**Work to be completed**
From the entries that follow, reproduce exactly and only the lines from the line with "Fixpoint md_lit (l" to the line with "Section Kripke.", endpoints included.

══════

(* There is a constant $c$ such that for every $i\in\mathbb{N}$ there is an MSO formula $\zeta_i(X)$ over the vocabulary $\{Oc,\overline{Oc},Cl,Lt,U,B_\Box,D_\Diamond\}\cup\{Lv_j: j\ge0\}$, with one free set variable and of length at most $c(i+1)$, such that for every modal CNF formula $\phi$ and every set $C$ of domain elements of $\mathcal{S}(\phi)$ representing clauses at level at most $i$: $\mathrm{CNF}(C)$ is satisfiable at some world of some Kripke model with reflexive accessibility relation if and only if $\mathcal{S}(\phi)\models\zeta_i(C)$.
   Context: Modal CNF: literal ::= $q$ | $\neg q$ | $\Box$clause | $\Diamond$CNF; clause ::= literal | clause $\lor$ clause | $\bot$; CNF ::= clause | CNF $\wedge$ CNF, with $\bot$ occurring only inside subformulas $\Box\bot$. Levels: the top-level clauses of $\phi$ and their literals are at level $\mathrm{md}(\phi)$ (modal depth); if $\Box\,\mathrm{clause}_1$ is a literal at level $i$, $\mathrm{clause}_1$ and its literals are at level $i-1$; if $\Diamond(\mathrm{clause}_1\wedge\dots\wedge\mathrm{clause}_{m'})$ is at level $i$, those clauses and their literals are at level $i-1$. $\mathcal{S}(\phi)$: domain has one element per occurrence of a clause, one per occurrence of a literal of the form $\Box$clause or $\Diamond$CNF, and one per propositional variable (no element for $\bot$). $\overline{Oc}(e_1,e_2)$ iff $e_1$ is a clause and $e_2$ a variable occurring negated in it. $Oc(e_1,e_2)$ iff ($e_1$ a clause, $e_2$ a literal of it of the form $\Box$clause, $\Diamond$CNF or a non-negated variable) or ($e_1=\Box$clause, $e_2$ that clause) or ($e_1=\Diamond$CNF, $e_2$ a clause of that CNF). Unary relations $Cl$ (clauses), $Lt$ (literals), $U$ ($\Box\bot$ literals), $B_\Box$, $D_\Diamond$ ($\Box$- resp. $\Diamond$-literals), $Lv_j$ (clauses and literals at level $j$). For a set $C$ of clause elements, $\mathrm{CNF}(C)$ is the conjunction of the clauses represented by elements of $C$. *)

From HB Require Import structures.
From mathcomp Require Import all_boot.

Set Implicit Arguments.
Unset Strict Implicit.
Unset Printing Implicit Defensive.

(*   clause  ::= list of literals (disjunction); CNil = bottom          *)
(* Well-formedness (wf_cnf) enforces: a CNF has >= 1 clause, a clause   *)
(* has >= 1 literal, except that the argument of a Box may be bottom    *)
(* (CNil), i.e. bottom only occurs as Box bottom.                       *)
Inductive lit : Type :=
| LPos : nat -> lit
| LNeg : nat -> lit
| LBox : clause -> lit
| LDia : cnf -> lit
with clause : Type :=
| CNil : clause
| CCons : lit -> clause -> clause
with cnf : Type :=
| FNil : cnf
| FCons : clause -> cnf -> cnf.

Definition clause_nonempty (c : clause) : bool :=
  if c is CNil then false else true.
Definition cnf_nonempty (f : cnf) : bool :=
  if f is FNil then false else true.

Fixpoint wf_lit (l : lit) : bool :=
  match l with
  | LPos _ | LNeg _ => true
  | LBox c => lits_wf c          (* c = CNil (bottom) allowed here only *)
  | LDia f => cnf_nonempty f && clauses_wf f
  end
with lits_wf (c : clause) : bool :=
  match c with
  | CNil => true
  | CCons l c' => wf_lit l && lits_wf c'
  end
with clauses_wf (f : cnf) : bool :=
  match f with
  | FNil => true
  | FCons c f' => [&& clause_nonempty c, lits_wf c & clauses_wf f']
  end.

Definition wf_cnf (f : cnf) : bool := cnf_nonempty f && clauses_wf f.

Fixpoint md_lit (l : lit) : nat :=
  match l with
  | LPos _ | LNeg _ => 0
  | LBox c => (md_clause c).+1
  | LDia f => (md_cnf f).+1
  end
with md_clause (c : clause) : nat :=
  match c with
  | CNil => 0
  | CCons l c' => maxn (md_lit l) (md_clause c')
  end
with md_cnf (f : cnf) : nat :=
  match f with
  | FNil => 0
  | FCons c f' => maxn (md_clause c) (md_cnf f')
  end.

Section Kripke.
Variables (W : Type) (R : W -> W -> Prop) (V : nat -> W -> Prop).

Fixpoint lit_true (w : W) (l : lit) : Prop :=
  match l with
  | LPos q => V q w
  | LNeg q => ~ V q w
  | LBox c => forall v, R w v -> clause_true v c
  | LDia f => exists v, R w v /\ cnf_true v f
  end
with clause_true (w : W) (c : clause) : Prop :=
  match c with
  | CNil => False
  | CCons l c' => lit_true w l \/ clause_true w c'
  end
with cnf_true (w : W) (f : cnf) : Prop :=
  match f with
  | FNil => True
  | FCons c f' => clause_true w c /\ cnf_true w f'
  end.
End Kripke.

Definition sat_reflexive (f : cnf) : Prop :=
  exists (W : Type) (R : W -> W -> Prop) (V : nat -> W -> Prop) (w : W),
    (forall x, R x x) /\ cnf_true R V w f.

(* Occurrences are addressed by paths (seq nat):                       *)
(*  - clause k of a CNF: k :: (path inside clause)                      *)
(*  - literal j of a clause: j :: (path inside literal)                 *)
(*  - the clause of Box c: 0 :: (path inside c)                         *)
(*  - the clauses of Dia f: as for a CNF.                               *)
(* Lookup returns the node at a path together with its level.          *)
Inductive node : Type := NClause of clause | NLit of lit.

══════

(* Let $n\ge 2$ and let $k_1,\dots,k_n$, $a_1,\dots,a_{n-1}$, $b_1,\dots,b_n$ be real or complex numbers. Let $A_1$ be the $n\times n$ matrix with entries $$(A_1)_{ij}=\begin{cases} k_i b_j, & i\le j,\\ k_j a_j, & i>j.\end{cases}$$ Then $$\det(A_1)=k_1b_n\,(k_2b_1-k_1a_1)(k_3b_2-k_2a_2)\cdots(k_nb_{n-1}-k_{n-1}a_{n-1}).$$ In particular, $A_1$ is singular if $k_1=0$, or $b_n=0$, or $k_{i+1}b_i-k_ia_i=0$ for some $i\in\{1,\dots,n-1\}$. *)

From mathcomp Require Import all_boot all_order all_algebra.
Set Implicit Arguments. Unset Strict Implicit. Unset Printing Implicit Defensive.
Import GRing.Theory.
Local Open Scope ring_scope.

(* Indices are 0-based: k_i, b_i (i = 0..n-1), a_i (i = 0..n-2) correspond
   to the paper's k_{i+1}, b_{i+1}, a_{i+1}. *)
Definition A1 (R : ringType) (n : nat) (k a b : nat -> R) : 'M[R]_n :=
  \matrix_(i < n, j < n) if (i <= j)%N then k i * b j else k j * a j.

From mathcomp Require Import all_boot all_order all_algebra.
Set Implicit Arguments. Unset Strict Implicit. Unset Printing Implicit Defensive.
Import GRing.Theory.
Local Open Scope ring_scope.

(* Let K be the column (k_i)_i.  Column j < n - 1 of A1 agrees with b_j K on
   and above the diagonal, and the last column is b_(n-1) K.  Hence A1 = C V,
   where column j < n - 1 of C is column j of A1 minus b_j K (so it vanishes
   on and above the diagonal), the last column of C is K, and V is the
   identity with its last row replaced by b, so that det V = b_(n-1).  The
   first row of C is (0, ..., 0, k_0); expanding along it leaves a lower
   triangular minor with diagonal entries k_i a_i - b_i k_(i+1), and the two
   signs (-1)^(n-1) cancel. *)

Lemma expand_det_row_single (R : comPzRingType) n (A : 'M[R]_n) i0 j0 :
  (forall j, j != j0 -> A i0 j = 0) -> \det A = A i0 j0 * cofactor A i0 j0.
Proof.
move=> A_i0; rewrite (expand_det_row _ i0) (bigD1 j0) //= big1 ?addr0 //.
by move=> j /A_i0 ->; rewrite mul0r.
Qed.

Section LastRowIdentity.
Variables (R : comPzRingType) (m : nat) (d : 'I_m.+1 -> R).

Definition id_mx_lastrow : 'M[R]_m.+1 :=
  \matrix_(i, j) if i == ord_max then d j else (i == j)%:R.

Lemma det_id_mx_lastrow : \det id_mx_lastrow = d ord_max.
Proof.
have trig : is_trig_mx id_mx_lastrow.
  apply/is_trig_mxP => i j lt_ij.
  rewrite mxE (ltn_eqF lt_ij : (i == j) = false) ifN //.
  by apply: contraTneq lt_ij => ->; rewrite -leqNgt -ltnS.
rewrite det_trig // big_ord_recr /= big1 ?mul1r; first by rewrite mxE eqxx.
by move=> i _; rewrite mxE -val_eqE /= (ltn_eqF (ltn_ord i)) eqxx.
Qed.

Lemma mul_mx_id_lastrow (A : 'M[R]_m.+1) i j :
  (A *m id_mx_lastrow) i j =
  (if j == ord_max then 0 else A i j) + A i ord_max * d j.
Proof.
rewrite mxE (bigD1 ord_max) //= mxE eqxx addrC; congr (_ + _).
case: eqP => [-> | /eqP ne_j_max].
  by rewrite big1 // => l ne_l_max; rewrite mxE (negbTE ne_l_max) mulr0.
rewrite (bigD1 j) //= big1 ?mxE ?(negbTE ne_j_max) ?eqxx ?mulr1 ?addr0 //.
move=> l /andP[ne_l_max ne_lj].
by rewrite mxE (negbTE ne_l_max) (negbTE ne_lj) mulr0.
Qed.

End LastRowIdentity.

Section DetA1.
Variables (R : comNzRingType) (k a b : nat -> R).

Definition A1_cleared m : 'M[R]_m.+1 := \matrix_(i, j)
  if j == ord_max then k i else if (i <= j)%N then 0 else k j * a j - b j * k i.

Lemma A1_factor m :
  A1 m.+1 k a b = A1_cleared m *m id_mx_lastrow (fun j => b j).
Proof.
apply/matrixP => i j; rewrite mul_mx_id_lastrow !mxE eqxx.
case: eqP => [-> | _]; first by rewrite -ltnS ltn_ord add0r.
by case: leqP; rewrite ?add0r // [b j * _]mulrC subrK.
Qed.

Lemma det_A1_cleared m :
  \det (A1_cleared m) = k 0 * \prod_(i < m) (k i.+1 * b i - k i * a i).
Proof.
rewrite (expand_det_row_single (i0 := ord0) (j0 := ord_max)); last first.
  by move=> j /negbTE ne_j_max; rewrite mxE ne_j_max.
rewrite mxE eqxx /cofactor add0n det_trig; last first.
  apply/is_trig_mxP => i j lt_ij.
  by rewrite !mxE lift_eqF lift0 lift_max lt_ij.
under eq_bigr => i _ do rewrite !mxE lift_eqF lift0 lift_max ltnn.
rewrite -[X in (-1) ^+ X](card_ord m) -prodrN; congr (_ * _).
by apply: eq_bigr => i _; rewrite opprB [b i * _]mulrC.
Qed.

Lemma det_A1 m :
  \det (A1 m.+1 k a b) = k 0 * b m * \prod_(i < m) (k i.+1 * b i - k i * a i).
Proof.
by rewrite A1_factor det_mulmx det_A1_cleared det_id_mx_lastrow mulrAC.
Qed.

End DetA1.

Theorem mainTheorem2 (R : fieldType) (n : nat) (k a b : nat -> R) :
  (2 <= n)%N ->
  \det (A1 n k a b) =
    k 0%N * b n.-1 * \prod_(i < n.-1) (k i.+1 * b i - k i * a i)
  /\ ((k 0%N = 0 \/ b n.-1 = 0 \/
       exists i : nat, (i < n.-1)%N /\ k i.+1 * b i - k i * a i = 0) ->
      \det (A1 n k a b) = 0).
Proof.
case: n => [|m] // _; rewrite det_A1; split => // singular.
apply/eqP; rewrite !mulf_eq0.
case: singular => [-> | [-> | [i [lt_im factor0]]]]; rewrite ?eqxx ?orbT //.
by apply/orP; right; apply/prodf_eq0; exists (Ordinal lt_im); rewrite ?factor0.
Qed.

══════

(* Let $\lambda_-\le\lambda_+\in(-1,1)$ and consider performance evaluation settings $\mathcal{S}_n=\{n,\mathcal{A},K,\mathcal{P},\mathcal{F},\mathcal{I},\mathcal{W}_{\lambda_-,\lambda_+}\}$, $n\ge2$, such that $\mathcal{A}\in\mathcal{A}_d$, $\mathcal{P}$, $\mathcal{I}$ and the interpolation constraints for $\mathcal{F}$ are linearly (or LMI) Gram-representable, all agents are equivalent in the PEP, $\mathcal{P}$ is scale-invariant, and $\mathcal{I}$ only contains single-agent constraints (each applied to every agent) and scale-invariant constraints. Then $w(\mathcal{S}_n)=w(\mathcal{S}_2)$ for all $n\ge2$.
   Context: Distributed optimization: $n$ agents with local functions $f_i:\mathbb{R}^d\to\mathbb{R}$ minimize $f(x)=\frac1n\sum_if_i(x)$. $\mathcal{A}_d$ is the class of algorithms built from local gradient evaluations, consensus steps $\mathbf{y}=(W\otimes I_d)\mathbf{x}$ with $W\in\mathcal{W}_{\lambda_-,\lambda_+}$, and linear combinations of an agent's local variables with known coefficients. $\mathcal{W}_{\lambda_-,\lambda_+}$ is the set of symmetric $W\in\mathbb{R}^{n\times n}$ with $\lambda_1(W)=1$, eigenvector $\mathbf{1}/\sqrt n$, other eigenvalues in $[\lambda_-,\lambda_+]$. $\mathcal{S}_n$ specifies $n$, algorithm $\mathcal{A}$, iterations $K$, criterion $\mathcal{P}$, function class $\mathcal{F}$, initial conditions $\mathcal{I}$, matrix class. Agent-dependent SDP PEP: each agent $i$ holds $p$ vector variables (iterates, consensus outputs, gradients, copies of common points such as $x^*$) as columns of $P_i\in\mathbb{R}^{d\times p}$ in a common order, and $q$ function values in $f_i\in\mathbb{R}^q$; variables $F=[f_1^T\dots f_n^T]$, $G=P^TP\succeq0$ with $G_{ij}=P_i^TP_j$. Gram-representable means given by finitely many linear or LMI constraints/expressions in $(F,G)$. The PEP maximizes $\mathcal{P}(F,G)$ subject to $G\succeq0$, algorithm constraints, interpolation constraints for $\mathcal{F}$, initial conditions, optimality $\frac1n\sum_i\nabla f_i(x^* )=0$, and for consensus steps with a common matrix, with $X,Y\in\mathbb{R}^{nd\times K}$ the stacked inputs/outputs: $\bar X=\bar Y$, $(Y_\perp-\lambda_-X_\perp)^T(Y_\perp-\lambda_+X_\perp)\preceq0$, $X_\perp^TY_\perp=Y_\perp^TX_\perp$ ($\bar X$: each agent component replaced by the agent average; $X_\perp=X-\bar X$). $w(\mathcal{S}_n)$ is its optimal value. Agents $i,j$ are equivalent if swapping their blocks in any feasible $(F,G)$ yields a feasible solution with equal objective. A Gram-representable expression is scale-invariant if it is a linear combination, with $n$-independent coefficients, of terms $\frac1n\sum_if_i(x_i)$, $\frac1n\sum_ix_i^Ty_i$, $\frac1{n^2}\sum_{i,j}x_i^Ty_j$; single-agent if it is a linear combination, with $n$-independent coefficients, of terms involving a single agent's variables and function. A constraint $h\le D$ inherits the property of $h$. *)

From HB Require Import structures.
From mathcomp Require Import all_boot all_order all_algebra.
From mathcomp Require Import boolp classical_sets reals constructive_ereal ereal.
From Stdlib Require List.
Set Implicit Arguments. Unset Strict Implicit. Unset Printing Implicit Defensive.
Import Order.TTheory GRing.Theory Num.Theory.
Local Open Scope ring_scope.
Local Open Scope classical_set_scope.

══════

**Written solution**
Fixpoint md_lit (l : lit) : nat :=
  match l with
  | LPos _ | LNeg _ => 0
  | LBox c => (md_clause c).+1
  | LDia f => (md_cnf f).+1
  end
with md_clause (c : clause) : nat :=
  match c with
  | CNil => 0
  | CCons l c' => maxn (md_lit l) (md_clause c')
  end
with md_cnf (f : cnf) : nat :=
  match f with
  | FNil => 0
  | FCons c f' => maxn (md_clause c) (md_cnf f')
  end.

Section Kripke.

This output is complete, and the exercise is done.